Collected data:
(* Let $m>n$ and let $\mathbf{A}\in\mathbb{R}^{m\times n}$ have rank $n$, partitioned by rows as $\mathbf{A} = \begin{bmatrix}\mathbf{X}\\ \mathbf{Y}\end{bmatrix}$ with $\mathbf{X}\in\mathbb{R}^{n\times n}$ invertible (the top $n$ rows form a full-rank square matrix) and $\mathbf{Y}\in\mathbb{R}^{(m-n)\times n}$. Let $\mathbf{A} = \mathbf{L}\mathbf{Q}$ be its LQ decomposition with $\mathbf{Q}\in\mathbb{R}^{n\times n}$ orthogonal and $\mathbf{L}\in\mathbb{R}^{m\times n}$ lower triangular, partitioned as $\mathbf{L} = \begin{bmatrix}\mathbf{U}\\ \mathbf{V}\end{bmatrix}$ with $\mathbf{U}\in\mathbb{R}^{n\times n}$ (lower triangular, invertible, $\mathbf{X} = \mathbf{U}\mathbf{Q}$) and $\mathbf{V}\in\mathbb{R}^{(m-n)\times n}$ ($\mathbf{Y} = \mathbf{V}\mathbf{Q}$). Suppose $\mathbf{A}'\mapsto(\mathbf{L}(\mathbf{A}'),\mathbf{Q}(\mathbf{A}'))$ is a differentiable map on a neighborhood of $\mathbf{A}$ giving such a decomposition for each $\mathbf{A}'$ (e.g. normalized so $\mathbf{L}$ has positive diagonal). Let $\bar{\mathbf{Q}}\in\mathbb{R}^{n\times n}$ and $\bar{\mathbf{L}} = \begin{bmatrix}\bar{\mathbf{U}}\\ \bar{\mathbf{V}}\end{bmatrix}\in\mathbb{R}^{m\times n}$ be arbitrary upstream gradients, with $\bar{\mathbf{U}}\in\mathbb{R}^{n\times n}$, $\bar{\mathbf{V}}\in\mathbb{R}^{(m-n)\times n}$. Then the reverse-mode gradient is $\bar{\mathbf{A}} = \begin{bmatrix}\bar{\mathbf{X}}\\ \bar{\mathbf{Y}}\end{bmatrix}$ with $$\bar{\mathbf{X}} = \mathbf{U}^{-T}\left[\bar{\mathbf{Q}}_{prime} + \mathrm{copyltu}(\mathbf{M})\mathbf{Q}\right],\qquad \bar{\mathbf{Y}} = \bar{\mathbf{V}}\mathbf{Q},$$ where $\bar{\mathbf{Q}}_{prime} = \bar{\mathbf{Q}} + \bar{\mathbf{V}}^T\mathbf{Y}$ and $\mathbf{M} = \mathbf{U}^T\bar{\mathbf{U}} - \bar{\mathbf{Q}}_{prime}\mathbf{Q}^T$.
   Context: Reverse-mode gradient: given a differentiable map $\mathbf{A}\mapsto(\mathbf{L}(\mathbf{A}),\mathbf{Q}(\mathbf{A}))$ and upstream matrices $\bar{\mathbf{L}},\bar{\mathbf{Q}}$ of the same shapes as $\mathbf{L},\mathbf{Q}$, the gradient $\bar{\mathbf{A}}$ is the unique matrix of the shape of $\mathbf{A}$ such that $\mathrm{Tr}(\bar{\mathbf{A}}^T d\mathbf{A}) = \mathrm{Tr}(\bar{\mathbf{L}}^T d\mathbf{L}) + \mathrm{Tr}(\bar{\mathbf{Q}}^T d\mathbf{Q})$ for every direction $d\mathbf{A}$, where $d\mathbf{L}, d\mathbf{Q}$ are the directional derivatives of $\mathbf{L},\mathbf{Q}$ at $\mathbf{A}$ in direction $d\mathbf{A}$. For a square matrix $\mathbf{M}$, $\mathrm{copyltu}(\mathbf{M})$ is the symmetric matrix with entries $\mathrm{copyltu}(\mathbf{M})_{ij} = \mathbf{M}_{\max(i,j),\min(i,j)}$; equivalently $\mathrm{copyltu}(\mathbf{M}) = \mathrm{sym}(\mathbf{M}\circ\mathbf{E})$, where $\mathrm{sym}(\mathbf{B}) = (\mathbf{B}+\mathbf{B}^T)/2$, $\circ$ is the Hadamard product and $\mathbf{E}$ has $e_{ij}=0$ if $i<j$, $1$ if $i=j$, $2$ if $i>j$. $\mathbf{U}^{-T} = (\mathbf{U}^{-1})^T$. *)

From HB Require Import structures.
From mathcomp Require Import all_boot all_order all_algebra.
From mathcomp Require Import all_classical all_reals all_analysis.
Set Implicit Arguments. Unset Strict Implicit. Unset Printing Implicit Defensive.
Import Order.TTheory GRing.Theory Num.Theory.
Import numFieldNormedType.Exports.
Local Open Scope ring_scope.

Definition copyltu {R : Type} {n : nat} (M : 'M[R]_n) : 'M[R]_n :=
  \matrix_(i < n, j < n) (if (i < j)%N then M j i else M i j).

Definition lower_trig {R : ringType} {m n : nat} (L : 'M[R]_(m, n)) : Prop :=
  forall (i : 'I_m) (j : 'I_n), (i < j)%N -> L i j = 0.

Definition orthogonal_mx {R : ringType} {n : nat} (Q : 'M[R]_n) : Prop :=
  Q *m Q^T = 1%:M /\ Q^T *m Q = 1%:M.

Definition is_reverse_gradient {R : realType} {m n k l : nat}
  (Lf : 'M[R]_(m, n) -> 'M[R]_(k, l)) (Qf : 'M[R]_(m, n) -> 'M[R]_n)
  (A : 'M[R]_(m, n)) (Lbar : 'M[R]_(k, l)) (Qbar : 'M[R]_n)
  (Abar : 'M[R]_(m, n)) : Prop :=
  forall dA : 'M[R]_(m, n),
    \tr (Abar^T *m dA) = \tr (Lbar^T *m 'D_dA Lf A) + \tr (Qbar^T *m 'D_dA Qf A).

From HB Require Import structures.
From mathcomp Require Import all_boot all_order all_algebra.
From mathcomp Require Import all_classical all_reals all_analysis.
From mathcomp Require Import ring.
Set Implicit Arguments. Unset Strict Implicit. Unset Printing Implicit Defensive.
Import Order.TTheory GRing.Theory Num.Theory.
Import numFieldNormedType.Exports.
Local Open Scope ring_scope.

(* Differentiating the three defining properties of the decomposition along
   a direction dA gives dA = dL Q + L dQ, a skew-symmetric C := dQ Q^T and a
   lower triangular dL.  Splitting dL = [dU; dV], the blocks of dA are
   dX = (dU + U C) Q and dY = (dV + V C) Q, so the claimed trace identity is
   purely algebraic in (dU, dV, C).  Its heart is the adjoint property of
   copyltu: for T lower triangular and C skew, tr(copyltu M (T + C)) equals
   tr(M^T T), because copyltu M is symmetric and agrees with M^T on the
   entries that are paired with the lower triangle of T.  With T = U^-1 dU
   this settles the square block X; the rows Y only contribute symmetric
   terms (V^T Vbar + Vbar^T V) paired with C, which vanish. *)

Section TriangularAlgebra.
Variable R : fieldType.

Lemma lower_trig_mul m k n (A : 'M[R]_(m, k)) (B : 'M[R]_(k, n)) :
  lower_trig A -> lower_trig B -> lower_trig (A *m B).
Proof.
move=> lowA lowB i j ij; rewrite mxE big1 // => l _.
have [il|li] := ltnP i l; first by rewrite lowA // mul0r.
by rewrite lowB ?mulr0 // (leq_ltn_trans li ij).
Qed.

(* The inverse of an invertible lower triangular matrix is lower triangular:
   solve U * U^-1 = 1 row by row, by strong induction on the row index. *)
Lemma lower_trig_invmx n (U : 'M[R]_n) :
  lower_trig U -> U \in unitmx -> lower_trig (invmx U).
Proof.
move=> lowU unitU.
have diagU i : U i i != 0.
  move: unitU; rewrite unitmxE unitfE det_trig; last exact/is_trig_mxP.
  by apply: contra => /eqP Uii0; rewrite (bigD1 i) //= Uii0 mul0r.
suff low_rows k (i j : 'I_n) : val i = k -> (i < j)%N -> invmx U i j = 0.
  by move=> i j; apply: low_rows.
elim/ltn_ind: k i j => k IH i j ik ij.
have := congr1 (fun N : 'M[R]_n => N i j) (mulmxV unitU).
rewrite !mxE (bigD1 i) //= big1 => [|l li].
  rewrite addr0 -(inj_eq val_inj) (ltn_eqF ij) /= => /eqP.
  by rewrite mulf_eq0 (negbTE (diagU i)) => /eqP.
have [il|li'|il] := ltngtP i l.
- by rewrite lowU ?mul0r.
- by rewrite (IH l) ?mulr0 -?ik // (ltn_trans li' ij).
- by move: li; rewrite -(inj_eq val_inj) /= il eqxx.
Qed.

End TriangularAlgebra.

Section TraceAlgebra.
Variable R : numFieldType.

Lemma copyltu_sym n (M : 'M[R]_n) : (copyltu M)^T = copyltu M.
Proof.
apply/matrixP => i j; rewrite !mxE.
by have [||/val_inj->] := ltngtP i j.
Qed.

Lemma mxtrace_sym_skew n (B C : 'M[R]_n) :
  B^T = B -> C^T = - C -> \tr (B *m C) = 0.
Proof.
move=> symB skewC; set t := \tr _.
have tN : t = - t.
  by rewrite /t -{1}mxtrace_tr trmx_mul symB skewC mulNmx raddfN mxtrace_mulC.
have : t *+ 2 = 0 by rewrite mulr2n {1}tN addNr.
by move/eqP; rewrite mulrn_eq0 => /eqP.
Qed.

Lemma mxtrace_copyltu_lower n (M T : 'M[R]_n) :
  lower_trig T -> \tr (copyltu M *m T) = \tr (M^T *m T).
Proof.
move=> lowT; rewrite /mxtrace; apply: eq_bigr => i _; rewrite !mxE.
apply: eq_bigr => k _; rewrite !mxE.
have [ki|ik] := ltnP k i; first by rewrite lowT ?mulr0.
by case: ltngtP ik => // /val_inj->.
Qed.

Lemma mxtrace_copyltu n (M T C : 'M[R]_n) :
  lower_trig T -> C^T = - C -> \tr (copyltu M *m (T + C)) = \tr (M^T *m T).
Proof.
move=> lowT skewC.
by rewrite mulmxDr mxtraceD (mxtrace_sym_skew (copyltu_sym M) skewC) addr0
  mxtrace_copyltu_lower.
Qed.

Lemma lq_square_gradient n (U Q dU C G Ubar : 'M[R]_n) :
  Q *m Q^T = 1%:M -> lower_trig U -> U \in unitmx ->
  lower_trig dU -> C^T = - C ->
  let M := U^T *m Ubar - G *m Q^T in
  let Xbar := (invmx U)^T *m (G + copyltu M *m Q) in
  \tr (Xbar^T *m ((dU + U *m C) *m Q)) =
    \tr (Ubar^T *m dU) + \tr (Q *m G^T *m C).
Proof.
move=> QQt lowU unitU lowdU skewC M Xbar.
set T := invmx U *m dU.
have lowT : lower_trig T.
  by apply: lower_trig_mul => //; apply: lower_trig_invmx.
have UT : U *m T = dU by rewrite /T mulKVmx.
have -> : \tr (Xbar^T *m ((dU + U *m C) *m Q)) =
          \tr ((Q *m G^T + copyltu M) *m (T + C)).
  have dXW : invmx U *m (dU + U *m C) = T + C by rewrite mulmxDr mulKmx.
  have QK : Q *m (G^T + Q^T *m copyltu M) = Q *m G^T + copyltu M.
    by rewrite mulmxDr mulmxA QQt mul1mx.
  rewrite /Xbar trmx_mul trmxK linearD /= trmx_mul copyltu_sym.
  by rewrite mxtrace_mulC -mulmxA mxtrace_mulC !mulmxA QK -mulmxA dXW.
have MT : M^T = Ubar^T *m U - Q *m G^T.
  by rewrite /M linearB /= !trmx_mul !trmxK.
rewrite mulmxDl mxtraceD mxtrace_copyltu // MT mulmxBl raddfB /=.
rewrite -[Ubar^T *m U *m T]mulmxA UT.
by rewrite mulmxDr mxtraceD addrC addrA subrK.
Qed.

Lemma lq_gradient_identity n p (X : 'M[R]_n) (Y : 'M[R]_(p, n))
  (L dL dA : 'M[R]_(n + p, n)) (Q dQ Qbar Ubar : 'M[R]_n)
  (Vbar : 'M[R]_(p, n)) :
  Q *m Q^T = 1%:M -> Q^T *m Q = 1%:M -> col_mx X Y = L *m Q -> lower_trig L ->
  X \in unitmx ->
  dA = dL *m Q + L *m dQ -> dQ *m Q^T + Q *m dQ^T = 0 -> lower_trig dL ->
  let U := usubmx L in
  let Qbar' := Qbar + Vbar^T *m Y in
  let M := U^T *m Ubar - Qbar' *m Q^T in
  let Xbar := (invmx U)^T *m (Qbar' + copyltu M *m Q) in
  let Ybar := Vbar *m Q in
  \tr ((col_mx Xbar Ybar)^T *m dA) =
    \tr ((col_mx Ubar Vbar)^T *m dL) + \tr (Qbar^T *m dQ).
Proof.
move=> QQt QtQ defA lowL unitX defdA orth_dQ lowdL U Qb' M Xbar Ybar.
set V := dsubmx L; set dU := usubmx dL; set dV := dsubmx dL.
set C := dQ *m Q^T.
have [defX defY] : X = U *m Q /\ Y = V *m Q.
  by apply/eq_col_mx; rewrite -mul_col_mx vsubmxK.
have unitU : U \in unitmx by move: unitX; rewrite defX unitmx_mul => /andP[].
have lowU : lower_trig U by move=> i j ij; rewrite mxE lowL.
have lowdU : lower_trig dU by move=> i j ij; rewrite mxE lowdL.
have skewC : C^T = - C.
  rewrite /C trmx_mul trmxK; apply/eqP.
  by rewrite -subr_eq0 opprK addrC orth_dQ.
have defdQ : dQ = C *m Q by rewrite /C -mulmxA QtQ mulmx1.
clearbody C.
have blocks_dA : dA = col_mx ((dU + U *m C) *m Q) ((dV + V *m C) *m Q).
  rewrite defdA defdQ -(vsubmxK dL) -(vsubmxK L) -/dU -/dV -/U -/V.
  by rewrite mul_col_mx mul_col_mx add_col_mx !mulmxA -!mulmxDl.
have gradY : \tr (Ybar^T *m ((dV + V *m C) *m Q)) =
             \tr (Vbar^T *m dV) + \tr (Vbar^T *m V *m C).
  rewrite /Ybar trmx_mul mxtrace_mulC mulmxA -[_ *m Q *m Q^T]mulmxA QQt mulmx1.
  by rewrite mxtrace_mulC mulmxDr mxtraceD mulmxA.
have rotY : \tr (Q *m (Vbar^T *m Y)^T *m C) + \tr (Vbar^T *m V *m C) = 0.
  have -> : Q *m (Vbar^T *m Y)^T = V^T *m Vbar.
    by rewrite defY !trmx_mul trmxK !mulmxA QQt mul1mx.
  rewrite -mxtraceD -mulmxDl; apply: mxtrace_sym_skew skewC.
  by rewrite linearD /= !trmx_mul !trmxK addrC.
have rotX : \tr (Q *m Qb'^T *m C) =
            \tr (Qbar^T *m dQ) + \tr (Q *m (Vbar^T *m Y)^T *m C).
  rewrite defdQ mulmxA [in RHS]mxtrace_mulC mulmxA.
  by rewrite /Qb' linearD /= mulmxDr mulmxDl mxtraceD.
rewrite blocks_dA -(vsubmxK dL) -/dU -/dV !tr_col_mx !mul_row_col !mxtraceD.
rewrite lq_square_gradient // gradY rotX.
by move/eqP: rotY; rewrite addr_eq0 => /eqP ->; ring.
Qed.

End TraceAlgebra.

Section MatrixCalculus.
Context {R : realFieldType} {V : normedModType R}.

Lemma derive_mxE m n (F : V -> 'M[R]_(m, n)) a v i j :
  derivable F a v -> ('D_v F a) i j = 'D_v (fun x => F x i j) a.
Proof. by move=> dF; rewrite derive_mx // mxE. Qed.

Lemma mulmx_entry_fun m k n (F : V -> 'M[R]_(m, k)) (G : V -> 'M[R]_(k, n))
  i j :
  (fun x => (F x *m G x) i j) =
  \sum_(l < k) ((fun x => F x i l) * (fun x => G x l j)).
Proof. by rewrite fct_sumE; apply/funext => x; rewrite mxE. Qed.

Lemma derivable_mulmx m k n (F : V -> 'M[R]_(m, k)) (G : V -> 'M[R]_(k, n))
  a v :
  derivable F a v -> derivable G a v -> derivable (fun x => F x *m G x) a v.
Proof.
move=> /derivable_mxP dF /derivable_mxP dG; apply/derivable_mxP => i j.
by rewrite mulmx_entry_fun; apply: derivable_sum => l; apply: derivableM.
Qed.

Lemma derive_mulmx m k n (F : V -> 'M[R]_(m, k)) (G : V -> 'M[R]_(k, n))
  a v :
  derivable F a v -> derivable G a v ->
  'D_v (fun x => F x *m G x) a = 'D_v F a *m G a + F a *m 'D_v G a.
Proof.
move=> dF dG; apply/matrixP => i j.
have [dFij dGij] := ((derivable_mxP F a v).1 dF, (derivable_mxP G a v).1 dG).
rewrite derive_mxE ?mulmx_entry_fun; last exact: derivable_mulmx.
rewrite derive_sum => [|l]; last first.
  by apply: derivableM; [exact: dFij|exact: dGij].
rewrite !mxE -big_split; apply: eq_bigr => l _ /=.
rewrite deriveM; [|exact: dFij|exact: dGij].
by rewrite !derive_mxE // /GRing.scale /= addrC mulrC [X in _ + X]mulrC.
Qed.

Lemma derivable_trmx m n (F : V -> 'M[R]_(m, n)) a v :
  derivable F a v -> derivable (fun x => (F x)^T) a v.
Proof.
move=> /derivable_mxP dF; apply/derivable_mxP => i j.
rewrite (_ : (fun x => _) = fun x => F x j i) //.
by apply/funext => x; rewrite mxE.
Qed.

Lemma derive_trmx m n (F : V -> 'M[R]_(m, n)) a v :
  derivable F a v -> 'D_v (fun x => (F x)^T) a = ('D_v F a)^T.
Proof.
move=> dF; apply/matrixP => i j.
rewrite mxE !derive_mxE //; last exact: derivable_trmx.
by congr ('D_v _ a); apply/funext => x; rewrite mxE.
Qed.

Lemma derive_near_lower_trig m n (F : V -> 'M[R]_(m, n)) a v :
  (\forall x \near a, lower_trig (F x)) -> derivable F a v ->
  lower_trig ('D_v F a).
Proof.
move=> lowF dF i j ij; rewrite derive_mxE // (@near_eq_derive _ _ _ _ (cst 0)).
  by rewrite derive_cst.
by apply: filterS lowF => x lowFx; rewrite lowFx.
Qed.

Lemma derive_near_coisometry n (F : V -> 'M[R]_n) a v :
  (\forall x \near a, F x *m (F x)^T = 1%:M) -> derivable F a v ->
  'D_v F a *m (F a)^T + F a *m ('D_v F a)^T = 0.
Proof.
move=> orthF dF.
rewrite -derive_trmx // -derive_mulmx //; last exact: derivable_trmx.
by rewrite (@near_eq_derive _ _ _ _ (cst 1%:M)) ?derive_cst.
Qed.

End MatrixCalculus.

(* The tall matrix A = [X; Y] has m = n + p rows, p > 0.  The rank and
   p > 0 hypotheses are part of the setting but not needed: invertibility of
   X already forces that of U. *)
Theorem proposition3 (R : realType) (n p : nat) (hp : (0 < p)%N)
  (X : 'M[R]_n) (Y : 'M[R]_(p, n))
  (hrank : \rank (col_mx X Y) = n)
  (hX : X \in unitmx)
  (Lf : 'M[R]_(n + p, n) -> 'M[R]_(n + p, n))
  (Qf : 'M[R]_(n + p, n) -> 'M[R]_n)
  (hdec : \forall A' \near col_mx X Y,
            [/\ A' = Lf A' *m Qf A', orthogonal_mx (Qf A'), lower_trig (Lf A'),
                differentiable Lf A' & differentiable Qf A'])
  (Qbar : 'M[R]_n) (Ubar : 'M[R]_n) (Vbar : 'M[R]_(p, n)) :
  let A := col_mx X Y in
  let L := Lf A in
  let Q := Qf A in
  let U := usubmx L in
  let Qbar' := Qbar + Vbar^T *m Y in
  let M := U^T *m Ubar - Qbar' *m Q^T in
  let Xbar := (invmx U)^T *m (Qbar' + copyltu M *m Q) in
  let Ybar := Vbar *m Q in
  is_reverse_gradient Lf Qf A (col_mx Ubar Vbar) Qbar (col_mx Xbar Ybar).
Proof.
move=> A L Q U Qb' M Xbar Ybar dA.
have [defA [QQt QtQ] lowL diffL diffQ] := nbhs_singleton hdec.
have dL : derivable Lf A dA := diff_derivable diffL.
have dQ : derivable Qf A dA := diff_derivable diffQ.
have tangent_A : dA = 'D_dA Lf A *m Q + L *m 'D_dA Qf A.
  rewrite -derive_mulmx // -{1}(derive_id A dA); apply: near_eq_derive.
  by apply: filterS hdec => x [].
have tangent_Q : 'D_dA Qf A *m Q^T + Q *m ('D_dA Qf A)^T = 0.
  by apply: derive_near_coisometry dQ; apply: filterS hdec => x [_ []].
have tangent_L : lower_trig ('D_dA Lf A).
  by apply: derive_near_lower_trig dL; apply: filterS hdec => x [].
exact: lq_gradient_identity QQt QtQ defA lowL hX tangent_A tangent_Q tangent_L.
Qed.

## THE TASK
Search the data above and return each line in which "Definition" occurs.

## EXERCISE SOLUTION
Definition copyltu {R : Type} {n : nat} (M : 'M[R]_n) : 'M[R]_n :=
Definition lower_trig {R : ringType} {m n : nat} (L : 'M[R]_(m, n)) : Prop :=
Definition orthogonal_mx {R : ringType} {n : nat} (Q : 'M[R]_n) : Prop :=
Definition is_reverse_gradient {R : realType} {m n k l : nat}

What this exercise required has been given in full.